Picone Valentin, Makris Nikolaos, Boutevin Fanny, Roy Sarah, Playe Margot, Soussan Michael
GE Healthcare, 78530, 283 Rue de la Miniere, Buc, France.
Department of Nuclear Medicine, Avicenne Hospital, HUPSSD, APHP, Paris, France.
EJNMMI Phys. 2021 Feb 2;8(1):10. doi: 10.1186/s40658-021-00354-x.
The SwiftScan solution (General Electric Healthcare) combines a new low-energy high-resolution sensitivity collimator and a tomographic step-and-shoot continuous (SSC) mode acquisition. The purpose of this study is to determine whether SSC mode can be used in clinical practice with shorter examination times, while preserving image quality and ensuring accurate semi-quantification. Twenty bone scan and 10 lung scan studies were randomly selected over a period of 2 months. Three sets of image datasets were produced: step-and-shoot (SS) acquisition, simulated 25% count reduction using the Poisson resampling method (SimSS), and SimSS continuous acquisition (SimSSC), where SimSS was summed with counts acquired during detector head rotation. Visual assessment (5-point Likert scale, 2 readers) and semi-quantitative evaluation (50 focal uptake from 10 bone studies), assessed by SUV, coefficient of variation (COV), and contrast-to-noise ratio (CNR), were performed using t test and Bland-Altman analysis.

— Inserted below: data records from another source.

(* Let $a,b,d>0$, $c\in\mathbb{R}$, and let $\phi(x)=\frac{ax^3+bx^2+cx+d}{x^3}$ for $x>0$. \begin{description} \item[(a)] The cubic polynomial $Q(x)=(4a)x^3-(b^2)x^2-(18abd)x+27a^2d^2+4db^3$ has a unique negative zero. \item[(b)] Let $c_{-}$ denote the unique negative zero of $Q$. If $c>c_{-}$, then for every initial value $x_0>0$ all iterates of $x_{n+1}=\phi(x_n)$ are positive, i.e. nonpositive iterates never occur. \item[(c)] Let $c^{*}=-\sqrt{3bd}$. Then $c_{-}<c^{*}$. \item[(d)] If $c\geq c^{*}$ then $\phi$ is decreasing on $(0,\infty)$ and has a unique (positive) equilibrium. If $c_{-}<c<c^{*}$ then $\phi$ has a local minimum point $x_m$ and a local maximum point $x_M$, where $$0<x_{m}=\frac{-c-\sqrt{c^2-3bd}}{b}<x_{M}=\frac{-c+\sqrt{c^2-3bd}}{b}.$$ \end{description}
   Context: The map $\phi$ is the right-hand side of the difference equation $x_{n+1}=\frac{ax_n^3+bx_n^2+cx_n+d}{x_n^3}$, $x_0>0$. An equilibrium of $\phi$ is a point $t>0$ with $\phi(t)=t$. *)

From HB Require Import structures.
From mathcomp Require Import all_boot all_order all_algebra.
Set Implicit Arguments. Unset Strict Implicit. Unset Printing Implicit Defensive.
Import Order.TTheory GRing.Theory Num.Theory.
Local Open Scope ring_scope.

Definition phi (R : rcfType) (a b c d : R) (x : R) : R :=
  (a * x ^+ 3 + b * x ^+ 2 + c * x + d) / x ^+ 3.

Definition Qpol (R : rcfType) (a b d : R) (x : R) : R :=
  4 * a * x ^+ 3 - b ^+ 2 * x ^+ 2 - 18 * a * b * d * x
  + 27 * a ^+ 2 * d ^+ 2 + 4 * d * b ^+ 3.

Definition cstar (R : rcfType) (b d : R) : R := - Num.sqrt (3 * b * d).

Definition local_min_pt (R : rcfType) (f : R -> R) (x : R) : Prop :=
  exists2 e : R, 0 < e & forall y, 0 < y -> `|y - x| < e -> f x <= f y.
Definition local_max_pt (R : rcfType) (f : R -> R) (x : R) : Prop :=
  exists2 e : R, 0 < e & forall y, 0 < y -> `|y - x| < e -> f y <= f x.
Lemma has_pd_within_index_u (S : set (idx dk -> R)) (F : (idx dk -> R) -> R)
    (G : ('I_K -> R) -> R) (c : R) b x j (dd lg : R) :
  0 < dd -> S x ->
  (forall del, 0 < del -> exists h, 0 < `|h| < del /\ S (shiftv x j h)) ->
  (forall y, S y -> nearv x y dd -> F y = c * G (index_u b y)) ->
  has_pd_within setT G (tag j) (index_u b x) lg ->
  has_pd_within S F j x (b j * c * lg).
Proof.
move=> dd0 Sx approach FG [_ hlg]; split => // eps eps0.
have Fx : F x = c * G (index_u b x) by apply: FG => // i; rewrite subrr normr0.
have Fxh h : `|h| < dd -> S (shiftv x j h) ->
    F (shiftv x j h) = c * G (shiftv (index_u b x) (tag j) (b j * h)).
  by move=> hdd Sxh; rewrite FG ?index_u_shiftv //; apply: nearv_shiftv.
have [bj0|bj_neq0] := eqVneq (b j) 0.
  exists dd => // h /andP[_ hdd] Sxh.
  by rewrite Fxh // Fx bj0 mul0r shiftv0 subrr !mul0r subr0 normr0.
have eps'0 : 0 < eps / (`|b j * c| + 1) by rewrite divr_gt0 // ltr_wpDl.
have [d1 d10 hd1] := hlg _ eps'0.
have bj_gt0 : 0 < `|b j| by rewrite normr_gt0.
exists (Order.min dd (d1 / `|b j|)); first by rewrite lt_min dd0 divr_gt0.
move=> h /andP[h0]; rewrite lt_min => /andP[hdd hd1'] Sxh.
rewrite Fxh // Fx.
have bjh : 0 < `|b j * h| < d1.
  by rewrite normrM mulr_gt0 //=; move: hd1'; rewrite ltr_pdivlMr // mulrC.
have := hd1 _ bjh Logic.I.
set N := G (shiftv (index_u b x) (tag j) (b j * h)) - G (index_u b x).
have -> : (c * G (shiftv (index_u b x) (tag j) (b j * h)) - c * G (index_u b x)) / h
    - b j * c * lg = b j * c * (N / (b j * h) - lg).
  by rewrite /N; field; rewrite bj_neq0 -normr_gt0 h0.
move=> hlt; rewrite normrM.
apply: le_lt_trans (ler_wpM2l (normr_ge0 _) (ltW hlt)) _.
rewrite mulrA ltr_pdivrMr ?ltr_wpDl //.
have := normr_ge0 (b j * c); nra.
Qed.

End LinearIndex.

Intra-reader agreement was substantial for reader 1 (k = 0.71) and for reader 2 (k = 0.61). Inter-reader agreement was substantial for SS set (k = 0.93) and moderate for SimSSC (k = 0.52). Bland-Altman analysis showed a good interchangeability of SS and SimSSC SUV values. The mean CNR between SS and SimSSC was not significantly different: 42.9 ± 43.7 [23.7-62.1] vs. 43.1 ± 46 [22.9-63.3] (p = 0.46), respectively. COV values, assessing noise level, did not deviate significantly between SS and SimSSC: 0.20 ± 0.08 [0.18-0.23] vs. 0.21 ± 0.08, [0.18-0.23] (p = 0.15), respectively, whereas a significant difference was demonstrated between SS and SimSS: 0.20 ± 0.08 [0.18-0.23] vs. 0.23 ± 0.09 [0.20-0.25] (p < 0.0001), respectively.

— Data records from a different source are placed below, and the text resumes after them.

Lemma regular_unit_qpoch_param_inv t : t \in params ->
  regular_unit (qp (q / (t%:L / q)) n.-1).
Proof.
move=> /params_cases t_ok; apply: regular_unit_prod => i _.
rewrite div_div_mul_sqrX -iota_polyCV -[q ^+ _]/(q ^ Posz _).
case: t_ok => [-> | [t0 tn]].
  rewrite invr1 polyC1 rmorph1 mul1r; apply: regular_unit_1_qz.
  rewrite absz_nat; apply/negP => /dvdnP [e he].
  have i_lt := ltn_ord i; have : (e < 2)%N by nia.
  by case: e he => [|[|e]] he; lia.
apply: regular_unit_1_Cqz; first by rewrite invr_eq0.
by rewrite exprVn invr_eq1.
Qed.

Lemma abcdL_neq0 : [/\ a%:L != 0, b%:L != 0, c%:L != 0 & d%:L != 0].
Proof.
have neq0 t : t \in [:: a; b; c; d] -> t%:L != 0.
  by move=> /abcd_generic [t0 _]; case: (regular_unitC t0).
by split; apply: neq0; rewrite !inE eqxx ?orbT.
Qed.

Lemma regular_unit_z : regular_unit z.
Proof.
have unitL t : t \in [:: a; b; c; d] -> regular_unit t%:L.
  by move=> /abcd_generic [t0 _]; apply: regular_unitC.
have [ub uc ud] : [/\ regular_unit b%:L, regular_unit c%:L & regular_unit d%:L].
  by split; apply: unitL; rewrite !inE eqxx ?orbT.
exact: regular_unitM (regular_unitM ub (regular_unitX _ regular_unit_q))
  (regular_unitV (regular_unitM uc ud)).
Qed.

SSC mode acquisition decreases examination time by approximately 25% in bone and lung SPECT/CT studies compared to SS mode (~ 2 min per single-bed SPECT), without compromising image quality and signal quantification. This SPECT sensitivity improvement also offers the prospect of more comfortable exams, with less motion artifacts, especially in painful or dyspneic patients.

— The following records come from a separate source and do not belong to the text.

(* induction on the number of outer leaves of [Z2], removed one by one by [uncross_witness] *)
Lemma forced_outer_contra Z1 m1 Z2 m2 : forcing O x Z1 m1 ->
  biased Z2 -> spine_prefix Z2 m2 -> x \in outer_leaves Z2 ->
  (forall l, (l \in outer_leaves Z2) || (l \in inner_leaves Z2) -> vkey l <= n) ->
  (forall l, l \in outer_leaves Z2 -> (l == x) || (l \in O)) -> False.
Proof.
case=> Z1_biased Z1_prefix x_inner1; rewrite x_key => Z1_keys [Z1_outer Z1_inner].
elim: {Z2}#|outer_leaves Z2| {-2}Z2 m2 (leqnn #|outer_leaves Z2|) => [|c IH] Z2 m2 cZ.
  by move=> _ _; move: cZ; rewrite leqn0 cards_eq0 => /eqP ->; rewrite inE.
move=> Z2_biased Z2_prefix xL2 k2 L2.
have xm2 : sidx x < m2.
  by move: xL2; rewrite outer_leavesE (spine_prefix_attach _ Z2_prefix) => /and3P[].
have R2 l : l \notin inner_leaves Z2.
  apply/negP => lR; have := lR.
  rewrite inner_leavesE (spine_prefix_attach _ Z2_prefix) -leqNgt => /and3P[_ ml _].
  have : vkey l <= vkey x by rewrite x_key; apply: k2; rewrite lR orbT.
  by move/vkey_sidx_le => le; move: (leq_ltn_trans le xm2); rewrite ltnNge ml.
have k2o l : l \in outer_leaves Z2 -> vkey l <= n by move=> lL; apply: k2; rewrite lL.
case: (boolP [exists y, (y \in outer_leaves Z2) && (y != x)]) => [/existsP[y0 Py0]|].
  case: (@arg_minnP _ y0 [pred y | (y \in outer_leaves Z2) && (y != x)] vkey Py0).
  move=> y /andP[yL yx] ymin.
  have y_min z : z \in outer_leaves Z2 -> z != x -> vkey y <= vkey z.
    by move=> zL zx; apply: ymin; rewrite /= zL zx.
  have yO : y \in O by move: (L2 y yL); rewrite (negbTE yx).
  have [Zy [my [Zy_biased Zy_prefix yRy ky [Ly Ry]]]] := O_witnessed yO.
  have [iU xLU subU RU] := uncross_witness Z2_biased Z2_prefix xL2 k2o R2 L2 yL yx y_min
    Zy_biased Zy_prefix yRy ky Ly Ry.
  apply: (IH (Zy :|: Z2) (maxn my m2)) => //.
  - have /subset_leq_card sub : outer_leaves (Zy :|: Z2) \subset outer_leaves Z2 :\ y.
      exact/subsetP.
    apply: leq_trans sub _.
    by move: cZ; rewrite (cardsD1 y (outer_leaves Z2)) yL add1n ltnS.
  - exact: spine_prefixU.
  - by move=> l; rewrite (negbTE (RU l)) orbF => /subU /setD1P[_ /k2o].
  - by move=> l /subU /setD1P[_ /L2].
rewrite negb_exists => /forallP single.
have Z2_outer l : l \in outer_leaves Z2 -> l = x.
  by move=> lL; apply/eqP; move: (single l); rewrite lL /= negbK.
exact: (forced_single_outer_contra x_fresh Z1_biased Z1_prefix x_inner1 Z1_keys Z1_outer Z1_inner
  Z2_biased Z2_prefix xL2 Z2_outer R2).
Qed.

Let keys_below_n Z :
  (forall l, (l \in outer_leaves Z) || (l \in inner_leaves Z) -> vkey l < n.+1) ->
  x \notin outer_leaves Z -> x \notin inner_leaves Z ->
  forall l, (l \in outer_leaves Z) || (l \in inner_leaves Z) -> vkey l < n.
Proof.
move=> kZ xL xR l lW; apply: vkey_lt_neq x_key _ _; first by rewrite -ltnS kZ.
by apply/negP => /eqP lx; move: lW; rewrite lx (negbTE xL) (negbTE xR).
Qed.

Lemma invariant_forced Z1 m1 : forcing O x Z1 m1 -> invariant n.+1 (x |: O).
Proof.
move=> forced; split.
- move=> Z m iZ pZ kZ [bL bR].
  have [xL|xL] := boolP (x \in outer_leaves Z).
    apply: (forced_outer_contra forced iZ pZ xL) => [l /kZ|l /bL]; first by rewrite ltnS.
    by rewrite in_setU1.
  have [xR|xR] := boolP (x \in inner_leaves Z); first by move: (bR x xR); rewrite setU11.
  apply: (O_sound iZ pZ (keys_below_n kZ xL xR)); split.
    by move=> l lL; move: (bL l lL); rewrite in_setU1 => /orP[/eqP lx|//]; rewrite -lx lL in xL.
  by move=> l /bR; rewrite in_setU1 negb_or => /andP[].
- move=> y; rewrite in_setU1 => /orP[/eqP ->|yO].
    case: forced => Z1_biased Z1_prefix x_inner1 Z1_keys [Z1_outer Z1_inner].
    exists Z1, m1; split => //; split => [l /Z1_outer|l lR]; first by rewrite in_setU1 orbC => ->.
    by rewrite in_setU1 => /orP[/eqP //|/(Z1_inner l lR)].
  have [Zy [my [iZy pZy yR ky [Ly Ry]]]] := O_witnessed yO.
  exists Zy, my; split => //; split => [l /Ly|l lR]; first by rewrite in_setU1 orbC => ->.
  rewrite in_setU1 => /orP[/eqP lx|]; last exact: Ry.
  have : vkey l <= vkey y by apply: ky; rewrite lR orbT.
  by rewrite lx x_key leqNgt O_keys.
- by move=> y; rewrite in_setU1 => /orP[/eqP ->|/O_keys /ltnW]; rewrite ?x_key.
Qed.

Lemma invariant_unforced : ~ (exists Z1 m1, forcing O x Z1 m1) -> invariant n.+1 O.
Proof.
move=> unforced; split => // [Z m iZ pZ kZ [bL bR]|y /O_keys /ltnW //].
have [xL|xL] := boolP (x \in outer_leaves Z); first by move: (bL x xL); rewrite (negbTE x_fresh).
have [xR|xR] := boolP (x \in inner_leaves Z).
  apply: unforced; exists Z, m; split => //; first by move=> l /kZ; rewrite ltnS x_key.
  by split => // l /bR /negbTE ->.
exact: (O_sound iZ pZ (keys_below_n kZ xL xR)).
Qed.

End Extension.

Lemma invariant_exists n : exists O, invariant n O.
Proof.
elim: n => [|n [O [O_sound O_wit O_keys]]].
  exists set0; split => [Z m iZ pZ kZ _|y|y]; rewrite ?inE //.
  by have [l /kZ] := cut_leaf_exists (dcut_biased iZ) pZ.
case: (pickP (fun x => (x \notin p) && (vkey x == n))) => [x /andP[x_leaf /eqP x_key]|none].
  case: (classic (exists Z1 m1, forcing O x Z1 m1)) => [[Z1 [m1 forced]]|unforced].
    by exists (x |: O); apply: (invariant_forced O_sound x_leaf x_key O_wit O_keys forced).
  by exists O; apply: (invariant_unforced O_sound x_key O_wit O_keys unforced).
exists O; split => // [Z m iZ pZ kZ|y /O_keys /ltnW //].
apply: (O_sound _ _ iZ pZ) => l lW.
have lp : l \notin p.
  by move: lW; rewrite outer_leavesE inner_leavesE => /orP[/and3P[]|/and3P[]].
by move: (kZ l lW) (none l); rewrite ltnS leq_eqVlt lp /= => /orP[->|].
Qed.

(* spine vertices sit at odd positions; a leaf sits just after its spine vertex if it lies in
   [O], just before otherwise *)
Definition spine_pos (O : {set T}) v :=
  if v \in p then (sidx v).*2.+1 else if v \in O then (sidx v).*2.+2 else (sidx v).*2.

Definition orient (O : {set T}) : rel T := fun u v => e u v && (spine_pos O u < spine_pos O v).

Lemma spine_pos_edge O u v : e u v -> spine_pos O u != spine_pos O v.
Proof.
have pos_spine w : w \in p -> spine_pos O w = (sidx w).*2.+1 by rewrite /spine_pos => ->.
have pos_leaf w : w \notin p -> odd (spine_pos O w) = false.
  by rewrite /spine_pos => /negbTE ->; case: (w \in O); rewrite /= ?odd_double.
case/caterpillar_edge_cases => [[up vp /orP[/eqP E|/eqP E]]|[unp ->]|[vnp ->]].
- by rewrite !pos_spine // E -!addnn; apply/negP => /eqP; lia.
- by rewrite !pos_spine // E -!addnn; apply/negP => /eqP; lia.
- apply/negP => /eqP E; have := pos_leaf u unp.
  by rewrite E pos_spine ?attach_mem //= odd_double.
- apply/negP => /eqP E; have := pos_leaf v vnp.
  by rewrite -E pos_spine ?attach_mem //= odd_double.
Qed.

Lemma orient_directing O : directing e (orient O).
Proof.
split => [u v /andP[] //|u v euv]; rewrite /orient euv e_sym euv /=.
by have := spine_pos_edge O euv; case: ltngtP.
Qed.

Lemma orient_sorted O : sorted (orient O) p.
Proof.
apply/(sortedP x0) => i lt; rewrite /orient.
move/(sortedP x0): spine_sorted => /(_ i lt) ->.
have mi : nth x0 p i \in p by apply/mem_nth/ltnW.
have mi1 : nth x0 p i.+1 \in p by apply: mem_nth.
rewrite /spine_pos mi mi1 !sidx_spine // !index_uniq ?spine_uniq //; last exact: ltnW.
by rewrite -!addnn; lia.
Qed.

Lemma orient_enters O Z : ~ leaves_exit O Z ->
  exists u v, [/\ u \notin Z, v \in Z & orient O u v].
Proof.
move=> not_exit.
case: (classic (exists2 l, l \in outer_leaves Z & l \notin O)) => [[l lL lO]|nL].
  have := lL; rewrite outer_leavesE => /and3P[lp hl nl].
  exists l, (attach l); split => //; rewrite /orient edge_attach //= /spine_pos attach_mem.
  by rewrite (negbTE lp) (negbTE lO) sidx_attach.
case: (classic (exists2 l, l \in inner_leaves Z & l \in O)) => [[l lR lO]|nR].
  have := lR; rewrite inner_leavesE => /and3P[lp hl lZ].
  exists (attach l), l; split => //; rewrite /orient e_sym edge_attach //= /spine_pos attach_mem.
  by rewrite (negbTE lp) lO sidx_attach.
case: not_exit; split => l.
  by move=> lL; apply/negPn/negP => lO; apply: nL; exists l.
by move=> lR; apply/negP => lO; apply: nR; exists l.
Qed.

SwiftScan解决方案(通用电气医疗集团)结合了一种新型低能高分辨率灵敏度准直器和断层步进式连续(SSC)模式采集。本研究的目的是确定SSC模式是否可用于临床实践,在保持图像质量并确保准确半定量的同时缩短检查时间。在2个月的时间内随机选择了20例骨扫描和10例肺扫描研究。生成了三组图像数据集:步进式(SS)采集、使用泊松重采样方法模拟25%计数减少(SimSS)以及SimSS连续采集(SimSSC),其中SimSS是探测器头旋转期间采集的计数之和。采用t检验和Bland-Altman分析进行视觉评估(5级李克特量表,2名阅片者)和半定量评估(来自10例骨研究的50个局灶性摄取),通过SUV、变异系数(COV)和对比噪声比(CNR)进行评估。
阅片者1(k = 0.71)和阅片者2(k = 0.61)的阅片者内一致性较高。SS组的阅片者间一致性较高(k = 0.93),SimSSC组的阅片者间一致性中等(k = 0.52)。Bland-Altman分析显示SS和SimSSC的SUV值具有良好的互换性。SS和SimSSC之间的平均CNR无显著差异:分别为42.9±43.7 [23.7 - 62.1]和43.1±46 [22.9 - 63.3](p = 0.46)。评估噪声水平的COV值在SS和SimSSC之间无显著偏差:分别为0.20±0.08 [0.18 - 0.23]和0.21±0.08 [0.18 - 0.23](p = 0.15),而SS和SimSS之间存在显著差异:分别为0.20±0.08 [0.18 - 0.23]和0.23±0.09 [0.20 - 0.25](p < 0.0001)。
与SS模式相比,SSC模式采集可使骨和肺SPECT/CT研究的检查时间减少约25%(单床位SPECT约每分钟2分钟),且不影响图像质量和信号定量。这种SPECT灵敏度的提高还为更舒适的检查提供了前景,减少了运动伪影,尤其是在疼痛或呼吸困难的患者中。